▶ AIM OF THE EXERCISE: Take the listing below and print exactly the lines starting at the line containing "assert (Hpt : exists" and ending at the line containing "- set (t := sqrt ((rad2 - D / 4) / D)).", both ends included, and no others.

# # #

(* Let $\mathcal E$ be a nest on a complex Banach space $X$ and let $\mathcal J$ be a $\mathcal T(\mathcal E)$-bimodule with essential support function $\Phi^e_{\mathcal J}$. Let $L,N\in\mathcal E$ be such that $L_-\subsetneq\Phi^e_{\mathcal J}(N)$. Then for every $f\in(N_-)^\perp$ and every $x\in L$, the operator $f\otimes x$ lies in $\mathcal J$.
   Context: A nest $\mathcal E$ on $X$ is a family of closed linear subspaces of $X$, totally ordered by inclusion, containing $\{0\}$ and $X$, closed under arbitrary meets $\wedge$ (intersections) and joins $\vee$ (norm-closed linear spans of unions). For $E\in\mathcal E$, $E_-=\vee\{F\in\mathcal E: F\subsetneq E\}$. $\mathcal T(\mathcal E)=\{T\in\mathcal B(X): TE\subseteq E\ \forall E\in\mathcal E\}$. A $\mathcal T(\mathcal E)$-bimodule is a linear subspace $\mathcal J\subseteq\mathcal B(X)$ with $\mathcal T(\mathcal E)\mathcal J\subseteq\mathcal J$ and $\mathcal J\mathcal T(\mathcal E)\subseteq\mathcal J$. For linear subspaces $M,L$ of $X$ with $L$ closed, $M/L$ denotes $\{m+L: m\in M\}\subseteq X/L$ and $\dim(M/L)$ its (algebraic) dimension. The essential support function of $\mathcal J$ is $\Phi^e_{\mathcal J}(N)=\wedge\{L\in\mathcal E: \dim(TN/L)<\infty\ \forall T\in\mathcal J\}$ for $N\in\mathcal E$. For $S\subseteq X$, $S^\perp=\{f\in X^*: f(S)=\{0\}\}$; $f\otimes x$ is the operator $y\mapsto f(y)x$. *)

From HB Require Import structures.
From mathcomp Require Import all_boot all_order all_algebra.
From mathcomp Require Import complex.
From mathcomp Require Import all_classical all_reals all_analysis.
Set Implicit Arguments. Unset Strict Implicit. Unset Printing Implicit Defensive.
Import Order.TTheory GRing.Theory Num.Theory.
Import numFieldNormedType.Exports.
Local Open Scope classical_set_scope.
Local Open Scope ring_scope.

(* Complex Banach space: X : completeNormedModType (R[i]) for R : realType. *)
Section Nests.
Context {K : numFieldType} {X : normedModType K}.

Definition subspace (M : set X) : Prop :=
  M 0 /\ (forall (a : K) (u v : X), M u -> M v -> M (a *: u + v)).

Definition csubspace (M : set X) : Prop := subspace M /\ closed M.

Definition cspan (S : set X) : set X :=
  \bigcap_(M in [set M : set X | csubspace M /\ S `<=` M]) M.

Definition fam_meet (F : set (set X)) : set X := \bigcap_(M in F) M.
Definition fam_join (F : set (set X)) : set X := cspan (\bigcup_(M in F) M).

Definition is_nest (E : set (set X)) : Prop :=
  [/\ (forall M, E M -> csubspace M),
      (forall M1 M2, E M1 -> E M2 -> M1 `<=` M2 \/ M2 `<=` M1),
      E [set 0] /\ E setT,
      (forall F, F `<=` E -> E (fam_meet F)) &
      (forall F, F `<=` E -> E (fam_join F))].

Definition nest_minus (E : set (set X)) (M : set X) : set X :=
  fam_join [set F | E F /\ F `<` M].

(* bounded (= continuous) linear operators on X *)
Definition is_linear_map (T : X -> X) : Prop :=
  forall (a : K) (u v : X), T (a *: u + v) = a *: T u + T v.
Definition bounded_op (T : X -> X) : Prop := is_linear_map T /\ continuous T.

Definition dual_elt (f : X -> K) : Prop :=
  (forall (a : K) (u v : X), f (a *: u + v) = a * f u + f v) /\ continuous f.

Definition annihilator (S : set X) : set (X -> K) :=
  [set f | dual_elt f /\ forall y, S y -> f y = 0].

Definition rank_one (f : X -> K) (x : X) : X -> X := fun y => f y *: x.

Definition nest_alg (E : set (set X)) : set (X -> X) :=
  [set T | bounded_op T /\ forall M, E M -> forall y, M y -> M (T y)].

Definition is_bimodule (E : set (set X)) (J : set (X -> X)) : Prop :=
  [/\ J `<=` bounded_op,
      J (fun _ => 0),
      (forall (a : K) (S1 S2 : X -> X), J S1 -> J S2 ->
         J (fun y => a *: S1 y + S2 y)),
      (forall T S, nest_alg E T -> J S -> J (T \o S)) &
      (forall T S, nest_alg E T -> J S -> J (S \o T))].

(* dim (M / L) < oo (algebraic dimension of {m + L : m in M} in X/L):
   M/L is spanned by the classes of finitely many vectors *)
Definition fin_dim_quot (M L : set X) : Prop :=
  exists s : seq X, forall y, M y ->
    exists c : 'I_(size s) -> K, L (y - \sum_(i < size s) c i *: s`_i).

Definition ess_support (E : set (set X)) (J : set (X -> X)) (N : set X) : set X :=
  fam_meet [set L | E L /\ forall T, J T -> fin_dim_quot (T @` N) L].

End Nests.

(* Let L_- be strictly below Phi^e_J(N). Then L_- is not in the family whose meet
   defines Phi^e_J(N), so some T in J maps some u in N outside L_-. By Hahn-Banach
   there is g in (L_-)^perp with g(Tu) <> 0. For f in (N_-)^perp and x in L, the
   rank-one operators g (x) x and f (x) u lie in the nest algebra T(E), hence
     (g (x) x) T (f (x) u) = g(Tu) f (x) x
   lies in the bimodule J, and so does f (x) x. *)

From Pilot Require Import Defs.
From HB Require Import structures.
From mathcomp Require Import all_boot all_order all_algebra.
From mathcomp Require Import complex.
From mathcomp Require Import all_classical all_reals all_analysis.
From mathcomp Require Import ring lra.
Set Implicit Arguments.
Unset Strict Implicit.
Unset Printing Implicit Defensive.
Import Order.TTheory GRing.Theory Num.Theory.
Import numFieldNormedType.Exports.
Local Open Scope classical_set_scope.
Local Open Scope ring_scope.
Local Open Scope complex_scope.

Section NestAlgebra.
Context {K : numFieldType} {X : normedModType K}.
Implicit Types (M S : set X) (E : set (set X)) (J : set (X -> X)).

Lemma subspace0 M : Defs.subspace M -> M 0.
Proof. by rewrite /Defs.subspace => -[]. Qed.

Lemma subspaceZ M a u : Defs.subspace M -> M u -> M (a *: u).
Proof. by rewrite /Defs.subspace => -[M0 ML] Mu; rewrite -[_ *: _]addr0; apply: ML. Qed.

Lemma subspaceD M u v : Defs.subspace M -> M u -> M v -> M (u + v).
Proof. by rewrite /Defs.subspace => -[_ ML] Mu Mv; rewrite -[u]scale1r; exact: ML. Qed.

# # #

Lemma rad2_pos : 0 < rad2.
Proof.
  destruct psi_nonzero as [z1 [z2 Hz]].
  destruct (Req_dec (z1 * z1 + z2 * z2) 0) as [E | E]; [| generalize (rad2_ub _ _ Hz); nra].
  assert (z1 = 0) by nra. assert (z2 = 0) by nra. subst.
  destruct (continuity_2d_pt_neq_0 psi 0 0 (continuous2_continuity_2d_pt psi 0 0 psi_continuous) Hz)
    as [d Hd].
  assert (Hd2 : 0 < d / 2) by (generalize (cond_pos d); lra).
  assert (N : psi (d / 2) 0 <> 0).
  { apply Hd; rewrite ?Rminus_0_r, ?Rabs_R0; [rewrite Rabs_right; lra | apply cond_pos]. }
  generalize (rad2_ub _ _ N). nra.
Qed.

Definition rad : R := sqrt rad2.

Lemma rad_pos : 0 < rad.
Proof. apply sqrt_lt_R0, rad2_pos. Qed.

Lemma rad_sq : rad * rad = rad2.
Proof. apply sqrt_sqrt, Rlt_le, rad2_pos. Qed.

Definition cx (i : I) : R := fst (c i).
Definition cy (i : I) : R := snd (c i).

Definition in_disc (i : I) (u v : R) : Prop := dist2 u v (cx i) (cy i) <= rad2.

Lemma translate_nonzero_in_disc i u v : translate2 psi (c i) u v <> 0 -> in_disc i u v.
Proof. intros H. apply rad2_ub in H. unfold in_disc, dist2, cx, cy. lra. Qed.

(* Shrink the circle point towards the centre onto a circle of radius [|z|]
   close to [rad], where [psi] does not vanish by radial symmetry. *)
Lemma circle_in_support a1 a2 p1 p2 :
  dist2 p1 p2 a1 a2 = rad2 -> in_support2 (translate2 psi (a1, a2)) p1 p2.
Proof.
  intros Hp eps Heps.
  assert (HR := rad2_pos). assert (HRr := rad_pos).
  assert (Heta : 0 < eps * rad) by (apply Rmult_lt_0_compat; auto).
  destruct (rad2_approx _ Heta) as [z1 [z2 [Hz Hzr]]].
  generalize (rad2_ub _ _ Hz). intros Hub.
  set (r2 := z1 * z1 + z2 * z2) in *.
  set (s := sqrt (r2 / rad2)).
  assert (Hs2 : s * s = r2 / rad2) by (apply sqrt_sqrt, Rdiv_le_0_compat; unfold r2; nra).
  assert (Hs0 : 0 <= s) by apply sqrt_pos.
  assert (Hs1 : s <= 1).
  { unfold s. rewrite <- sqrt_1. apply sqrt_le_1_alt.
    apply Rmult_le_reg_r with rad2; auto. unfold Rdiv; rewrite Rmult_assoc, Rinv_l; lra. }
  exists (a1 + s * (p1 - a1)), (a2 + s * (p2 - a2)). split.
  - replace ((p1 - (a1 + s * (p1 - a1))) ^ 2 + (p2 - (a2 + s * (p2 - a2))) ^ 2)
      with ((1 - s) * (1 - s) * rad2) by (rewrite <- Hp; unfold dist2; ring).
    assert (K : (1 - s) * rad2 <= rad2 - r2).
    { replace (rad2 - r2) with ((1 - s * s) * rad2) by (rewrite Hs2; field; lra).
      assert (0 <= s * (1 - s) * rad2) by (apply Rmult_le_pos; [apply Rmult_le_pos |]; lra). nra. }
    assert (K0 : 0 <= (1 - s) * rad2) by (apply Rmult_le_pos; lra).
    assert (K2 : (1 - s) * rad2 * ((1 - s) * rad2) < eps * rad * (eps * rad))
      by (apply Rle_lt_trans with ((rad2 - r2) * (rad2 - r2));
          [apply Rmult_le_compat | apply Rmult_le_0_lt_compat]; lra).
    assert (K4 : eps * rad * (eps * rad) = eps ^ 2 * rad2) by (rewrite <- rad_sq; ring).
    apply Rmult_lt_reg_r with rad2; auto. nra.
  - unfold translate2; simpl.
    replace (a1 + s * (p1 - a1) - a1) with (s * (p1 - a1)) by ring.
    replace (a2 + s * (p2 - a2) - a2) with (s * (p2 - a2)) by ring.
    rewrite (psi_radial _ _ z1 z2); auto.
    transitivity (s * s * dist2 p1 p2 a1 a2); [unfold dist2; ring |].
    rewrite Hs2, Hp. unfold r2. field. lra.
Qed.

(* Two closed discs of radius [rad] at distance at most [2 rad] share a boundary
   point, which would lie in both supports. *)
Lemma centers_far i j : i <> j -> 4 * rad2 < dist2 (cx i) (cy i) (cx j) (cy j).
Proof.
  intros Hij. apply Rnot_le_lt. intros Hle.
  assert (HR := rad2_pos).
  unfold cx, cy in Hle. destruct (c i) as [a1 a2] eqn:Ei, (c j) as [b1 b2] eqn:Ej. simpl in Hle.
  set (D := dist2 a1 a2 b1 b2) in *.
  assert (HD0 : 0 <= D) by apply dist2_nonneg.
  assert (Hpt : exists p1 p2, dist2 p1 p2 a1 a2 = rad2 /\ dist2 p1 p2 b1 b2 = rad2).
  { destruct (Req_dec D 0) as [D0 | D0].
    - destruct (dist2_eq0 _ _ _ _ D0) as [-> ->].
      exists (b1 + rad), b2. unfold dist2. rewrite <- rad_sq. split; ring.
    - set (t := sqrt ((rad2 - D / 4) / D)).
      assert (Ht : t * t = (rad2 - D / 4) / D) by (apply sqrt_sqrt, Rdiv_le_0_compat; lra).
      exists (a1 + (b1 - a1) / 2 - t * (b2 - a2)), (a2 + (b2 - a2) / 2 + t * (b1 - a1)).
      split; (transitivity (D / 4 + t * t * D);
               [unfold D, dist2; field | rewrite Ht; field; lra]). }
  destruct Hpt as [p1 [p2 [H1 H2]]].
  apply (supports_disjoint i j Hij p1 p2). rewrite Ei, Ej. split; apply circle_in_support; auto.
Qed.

# # #

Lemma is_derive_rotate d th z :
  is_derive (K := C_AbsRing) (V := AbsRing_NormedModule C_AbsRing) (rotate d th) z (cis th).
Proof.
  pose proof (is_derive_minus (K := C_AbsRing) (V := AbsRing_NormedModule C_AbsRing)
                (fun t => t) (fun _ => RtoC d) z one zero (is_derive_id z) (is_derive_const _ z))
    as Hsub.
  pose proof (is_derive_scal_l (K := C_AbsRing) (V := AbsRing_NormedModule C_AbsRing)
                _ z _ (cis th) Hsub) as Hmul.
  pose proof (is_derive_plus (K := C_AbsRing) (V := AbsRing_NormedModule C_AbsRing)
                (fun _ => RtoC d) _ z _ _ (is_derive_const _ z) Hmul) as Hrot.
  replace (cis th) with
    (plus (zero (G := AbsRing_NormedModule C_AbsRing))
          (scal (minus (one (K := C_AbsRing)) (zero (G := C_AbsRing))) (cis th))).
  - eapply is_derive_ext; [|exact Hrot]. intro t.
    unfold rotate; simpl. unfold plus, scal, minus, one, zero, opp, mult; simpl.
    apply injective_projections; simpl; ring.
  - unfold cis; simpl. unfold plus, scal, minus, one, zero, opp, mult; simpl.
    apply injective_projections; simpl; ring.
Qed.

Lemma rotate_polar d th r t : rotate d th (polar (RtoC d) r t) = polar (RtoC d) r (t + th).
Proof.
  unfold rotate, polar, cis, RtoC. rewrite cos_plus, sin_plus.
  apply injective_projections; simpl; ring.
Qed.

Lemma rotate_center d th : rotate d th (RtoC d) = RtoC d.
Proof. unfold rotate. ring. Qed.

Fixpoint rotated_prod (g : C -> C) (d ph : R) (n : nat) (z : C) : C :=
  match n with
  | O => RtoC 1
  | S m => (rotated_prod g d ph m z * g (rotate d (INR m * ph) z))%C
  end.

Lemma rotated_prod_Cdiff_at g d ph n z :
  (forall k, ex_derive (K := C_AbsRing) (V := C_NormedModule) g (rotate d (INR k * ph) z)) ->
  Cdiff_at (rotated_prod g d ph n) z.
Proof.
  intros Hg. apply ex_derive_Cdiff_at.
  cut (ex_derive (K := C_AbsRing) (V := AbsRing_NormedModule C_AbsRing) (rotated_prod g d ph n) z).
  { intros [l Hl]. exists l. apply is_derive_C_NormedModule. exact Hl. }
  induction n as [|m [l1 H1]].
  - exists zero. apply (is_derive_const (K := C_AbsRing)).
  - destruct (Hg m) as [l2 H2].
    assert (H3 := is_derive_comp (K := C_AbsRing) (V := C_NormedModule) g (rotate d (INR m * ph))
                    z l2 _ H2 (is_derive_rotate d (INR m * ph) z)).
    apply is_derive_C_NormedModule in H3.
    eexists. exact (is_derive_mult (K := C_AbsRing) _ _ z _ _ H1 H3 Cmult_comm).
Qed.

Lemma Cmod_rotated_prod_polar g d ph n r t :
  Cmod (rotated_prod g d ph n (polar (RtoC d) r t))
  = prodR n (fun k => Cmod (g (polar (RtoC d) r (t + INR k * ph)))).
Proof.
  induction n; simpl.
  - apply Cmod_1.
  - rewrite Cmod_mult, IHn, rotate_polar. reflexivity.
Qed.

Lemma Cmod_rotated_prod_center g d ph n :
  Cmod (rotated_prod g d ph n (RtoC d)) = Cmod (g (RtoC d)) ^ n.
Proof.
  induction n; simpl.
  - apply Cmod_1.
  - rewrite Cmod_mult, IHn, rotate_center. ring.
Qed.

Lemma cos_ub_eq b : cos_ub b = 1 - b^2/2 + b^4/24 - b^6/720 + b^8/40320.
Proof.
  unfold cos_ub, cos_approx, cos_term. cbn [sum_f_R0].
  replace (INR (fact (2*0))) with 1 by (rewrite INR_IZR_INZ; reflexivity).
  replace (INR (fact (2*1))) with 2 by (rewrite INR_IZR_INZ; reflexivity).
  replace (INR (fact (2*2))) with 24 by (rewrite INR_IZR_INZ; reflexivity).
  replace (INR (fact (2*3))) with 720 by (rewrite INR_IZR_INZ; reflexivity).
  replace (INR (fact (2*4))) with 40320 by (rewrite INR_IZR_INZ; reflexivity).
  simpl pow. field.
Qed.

# # #

▶ EXERCISE RESULT:
  assert (Hpt : exists p1 p2, dist2 p1 p2 a1 a2 = rad2 /\ dist2 p1 p2 b1 b2 = rad2).
  { destruct (Req_dec D 0) as [D0 | D0].
    - destruct (dist2_eq0 _ _ _ _ D0) as [-> ->].
      exists (b1 + rad), b2. unfold dist2. rewrite <- rad_sq. split; ring.
    - set (t := sqrt ((rad2 - D / 4) / D)).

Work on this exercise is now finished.